The “Word became flesh and blood and moved into the neighborhood” (Jn. 1:14). Since we are in the neighborhood too, we can make a difference as our lives are transformed as we become representatives of Christ (1 Thes. 1). As we show God’s love, we welcome the entire community to experience the Good News of Jesus Christ in faith who “gave his life a ransom for many” (Jn. 3:16-17, Heb. 9:15). What an exciting mission to fulfill. We need to puts words into action!
This March is a great time for a health check. How are you feeling physically? During your next doctor’s visit, you may want to ask for recommendations to increase your physical activity. Exercise is critically important to our improved health. But in addition to a medical doctor check-in, we should pay attention to our financial, emotional, mental, and spiritual health, too. We may need a financial check-up with a financial advisor. There are volunteers available who can assist you with getting a financial check-up, or assist with the free preparation of your income taxes. (Want to know more? Just ask me and I’ll get you in touch with those who can help!)

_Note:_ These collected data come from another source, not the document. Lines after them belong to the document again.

(* Let $d\le\ell$ be positive integers and $L\ge2$. For any $(p,n,d)$-non-backtracking multi-labelling of an $L$-graph in which every $p$-vertex carries $d$ $p$-labels, with $\tilde r$ distinct $n$-labels and $\tilde c$ distinct $p$-labels, $$\tilde r+\frac{\tilde c}{\ell}\le\frac L2+\frac{dL}{2\ell}.$$
   Context: An $L$-graph is a cycle with $2L$ vertices alternating between $n$-vertices and $p$-vertices. A $(p,n,d)$-non-backtracking multi-labelling assigns an $n$-label in $[n]$ to each $n$-vertex and a tuple of $d$ $p$-labels in $[p]$ to each $p$-vertex, with $d\le\ell$, such that: (i) the $n$-label of each $n$-vertex differs from those of the $n$-vertices immediately preceding and following it, and the tuple of each $p$-vertex differs (as a set, i.e. up to reordering) from those of the $p$-vertices immediately preceding and following it; (ii) for each $n$-label $i$ and $p$-label $j$ there is an even number of edges whose $n$-endpoint is labelled $i$ and whose $p$-endpoint's tuple contains $j$. *)

From mathcomp Require Import all_boot all_order all_algebra.
Set Implicit Arguments. Unset Strict Implicit. Unset Printing Implicit Defensive.

(* An L-graph: cycle n_0, p_0, n_1, p_1, ..., n_{L-1}, p_{L-1}, (back to n_0).
   n-vertices and p-vertices are both indexed by 'I_L.  Edges:
   (n_k, p_k) and (n_{k+1 mod L}, p_k) for k : 'I_L  (2L edges). *)

Definition cnext (L : nat) (k : 'I_L) : 'I_L := ordS k.

Definition plabels (p d L : nat) (pl : 'I_L -> d.-tuple 'I_p) (k : 'I_L)
  : {set 'I_p} := [set j | j \in tval (pl k)].

Definition edge_count (n p d L : nat) (nl : 'I_L -> 'I_n)
  (pl : 'I_L -> d.-tuple 'I_p) (i : 'I_n) (j : 'I_p) : nat :=
  #|[set k : 'I_L | (nl k == i) && (j \in tval (pl k))]|
  + #|[set k : 'I_L | (nl (cnext k) == i) && (j \in tval (pl k))]|.

Definition non_backtracking_multilabelling (n p d L : nat)
  (nl : 'I_L -> 'I_n) (pl : 'I_L -> d.-tuple 'I_p) : Prop :=
  (forall k : 'I_L, nl k != nl (cnext k)) /\
  (forall k : 'I_L, plabels pl k != plabels pl (cnext k)) /\
  (forall (i : 'I_n) (j : 'I_p), ~~ odd (edge_count nl pl i j)).

Definition num_nlabels (n L : nat) (nl : 'I_L -> 'I_n) : nat :=
  #|[set nl k | k : 'I_L]|.

Definition num_plabels (p d L : nat) (pl : 'I_L -> d.-tuple 'I_p) : nat :=
  #|\bigcup_(k : 'I_L) plabels pl k|.

(* Every label occurs at least twice.  If an n-label occurred only at n_k,
   its edges would be (n_k, p_(k-1)) and (n_k, p_k); since the label sets of
   p_(k-1) and p_k differ, some p-label would lie on exactly one of these edges,
   against the parity condition.  If a p-label occurred only at p_k, its edges
   would be (n_k, p_k) and (n_(k+1), p_k), and n_k, n_(k+1) carry different
   labels.  Double counting then gives 2 r <= L and 2 c <= d L. *)

From mathcomp Require Import all_boot all_order all_algebra.
Import GRing.Theory Num.Theory.

Set Implicit Arguments.
Unset Strict Implicit.
Unset Printing Implicit Defensive.

Lemma cards_eq_and (T : finType) (k0 : T) (b : pred T) :
  #|[set k | (k == k0) && b k]| = b k0.
Proof. by rewrite -sum1dep_card big_mkcondr big_pred1_eq; case: (b k0). Qed.

Lemma sum_cards_exchange (I T : finType) (A : I -> {set T}) :
  \sum_i #|A i| = \sum_x #|[set i | x \in A i]|.
Proof.
under eq_bigr do rewrite -sum1_card big_mkcond.
rewrite exchange_big; apply: eq_bigr => x _.
by rewrite -sum1dep_card [RHS]big_mkcond.
Qed.

Lemma double_card_bigcup_le (I T : finType) (A : I -> {set T}) :
  {in \bigcup_i A i, forall x, 1 < #|[set i | x \in A i]|} ->
  2 * #|\bigcup_i A i| <= \sum_i #|A i|.
Proof.
move=> repeated; rewrite sum_cards_exchange (bigID (mem (\bigcup_i A i))) /=.
rewrite -sum1_card big_distrr /=; apply: leq_trans (leq_addr _ _).
by apply: leq_sum => x /repeated; rewrite muln1.
Qed.

Section NonBacktracking.

Variables (n p d L : nat) (nl : 'I_L -> 'I_n) (pl : 'I_L -> d.-tuple 'I_p).
Hypothesis nl_step : forall k, nl k != nl (cnext k).
Hypothesis pl_step : forall k, plabels pl k != plabels pl (cnext k).
Hypothesis even_edges : forall i j, ~~ odd (edge_count nl pl i j).

Lemma edge_count_unique_nlabel k0 j :
  (forall k, (nl k == nl k0) = (k == k0)) ->
  edge_count nl pl (nl k0) j = (j \in pl k0) + (j \in pl (ord_pred k0)).
Proof.
move=> nl_unique; rewrite /edge_count /cnext.
under eq_finset do rewrite nl_unique.
under [in X in _ + X]eq_finset
  do rewrite nl_unique -[k0 in _ == k0]ord_predK (inj_eq (@ordS_inj _)).
by rewrite !cards_eq_and.
Qed.

Lemma edge_count_unique_plabel k0 j :
  (forall k, (j \in pl k) = (k == k0)) ->
  edge_count nl pl (nl k0) j = 1.
Proof.
move=> pl_unique; rewrite /edge_count.
under eq_finset do rewrite pl_unique andbC.
under [in X in _ + X]eq_finset do rewrite pl_unique andbC.
by rewrite !cards_eq_and eqxx eq_sym (negbTE (nl_step k0)).
Qed.

Lemma nlabel_repeats k0 : 1 < #|[set k | nl k == nl k0]|.
Proof.
apply/card_gt1P; exists k0; rewrite inE eqxx.
case: (pickP (fun k => (k != k0) && (nl k == nl k0))) => [k|none].
  by case/andP=> kDk0 nlk; exists k; rewrite inE nlk eq_sym.
have nl_unique k : (nl k == nl k0) = (k == k0).
  by have := none k; case: eqP => [->|_ /= ->]; rewrite ?eqxx.
have /existsP[j jD] :
    [exists j, (j \in plabels pl k0) != (j \in plabels pl (ord_pred k0))].
  apply: contraTT (pl_step (ord_pred k0)) => /existsPn same.
  by rewrite /cnext ord_predK negbK; apply/eqP/setP => j; apply/esym/eqP/negPn.
rewrite /plabels !inE in jD.
have := even_edges (nl k0) j.
by rewrite edge_count_unique_nlabel // oddD !oddb -negb_eqb jD.
Qed.

Lemma plabel_repeats k0 j : j \in pl k0 -> 1 < #|[set k | j \in pl k]|.
Proof.
move=> jk0; apply/card_gt1P; exists k0; rewrite inE jk0.
case: (pickP (fun k => (k != k0) && (j \in pl k))) => [k /andP[kDk0 jk]|none].
  by exists k; rewrite inE jk eq_sym.
have pl_unique k : (j \in pl k) = (k == k0).
  by have := none k; case: eqP => [->|_ /= ->].
by have := even_edges (nl k0) j; rewrite edge_count_unique_plabel.
Qed.

Lemma double_num_nlabels_le : 2 * num_nlabels nl <= L.
Proof.
have -> : num_nlabels nl = #|\bigcup_k [set nl k]|.
  congr #|pred_of_set _|; apply/setP => i.
  apply/imsetP/bigcupP => [[k _ ->]|[k _ /set1P->]]; exists k; rewrite ?inE //.
apply: leq_trans (double_card_bigcup_le _) _.
  move=> _ /bigcupP[k0 _ /set1P->].
  by under eq_finset do rewrite inE eq_sym; apply: nlabel_repeats.
by under eq_bigr do rewrite cards1; rewrite sum1_card card_ord.
Qed.

Lemma double_num_plabels_le : 2 * num_plabels pl <= d * L.
Proof.
apply: leq_trans (double_card_bigcup_le _) _.
  move=> j /bigcupP[k0 _]; rewrite inE => jk0.
  by under eq_finset do rewrite inE; apply: plabel_repeats jk0.
rewrite -[L in d * L]card_ord -sum1_card big_distrr /=; apply: leq_sum => k _.
by rewrite muln1 cardsE (leq_trans (card_size _)) ?size_tuple.
Qed.

End NonBacktracking.

Local Open Scope ring_scope.

Theorem lemma5p4 (n p d l L : nat) (nl : 'I_L -> 'I_n)
  (pl : 'I_L -> d.-tuple 'I_p) :
  (0 < d)%N -> (d <= l)%N -> (2 <= L)%N ->
  non_backtracking_multilabelling nl pl ->
  ((num_nlabels nl)%:R + (num_plabels pl)%:R / l%:R
   <= L%:R / 2 + (d * L)%:R / (2 * l)%:R :> rat).
Proof.
(* The bound holds termwise; for [l = 0] both quotients are [0]. *)
move=> _ _ _ [nl_step [pl_step even_edges]].
have r_le := double_num_nlabels_le pl_step even_edges.
have c_le := double_num_plabels_le nl_step even_edges.
apply: lerD; first by rewrite ler_pdivlMr // -natrM ler_nat mulnC.
rewrite [(2 * l)%:R]natrM invfM mulrA ler_wpM2r ?invr_ge0 //.
by rewrite ler_pdivlMr // -natrM ler_nat mulnC.
Qed.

Do you need an emotional check-up? Are you feeling overwhelmed? If so, you should know that most everyone from time to time feels that way. If you’re feeling discouraged being alone, why not do something about? Take a step today. It may mean for you to have a heart to heart talk with a family member, trusted friend, or spiritual guide or pastor. You can gain perspective and seek out resources to improve coping skills and discover better ways to enjoy each day. One way is to get involved in public worship. And when you’re away, stay connected online. You may want to listen to messages from God’s word, children’s messages, and even the music group selections by visiting your church’s website. (Here’s ours: http://coldspringchurch.com/sermons.)
Exercise the mind, body, and spirit in March!
Or, perhaps you are feeling under-utilized. Not quite sure how to help or get more involved. You may be looking for new opportunities to “serve the public good” as a disciple of Jesus Christ. Have you considered volunteering? Or you might enjoy being a mentor? (Consider Cape Christian Academy. The school welcomes caring people to work with a child who would benefit from a caring adult mentor. Maybe its you!) Use your gifts. Get involved, whether for an hour a week, or a few hours a month. Serving others not only benefit those you serve, but will energize your own spirit! And be sure to celebrate the hours invested in caring spiritual practice.
While the Ides of March may have been a tragic, if still much-deserved day of reckoning for a selfish dictator named Julius, March can be totally different for us.
“For we are God’s handiwork, created in Christ Jesus to do good works, which God prepared in advance for us to do” (Eph. 2:8-10, NIV). God created you to do good works.
Join me in making March the amazing month of caring spiritual practiceas we continue on our Lenten journey toward the hope of Easter.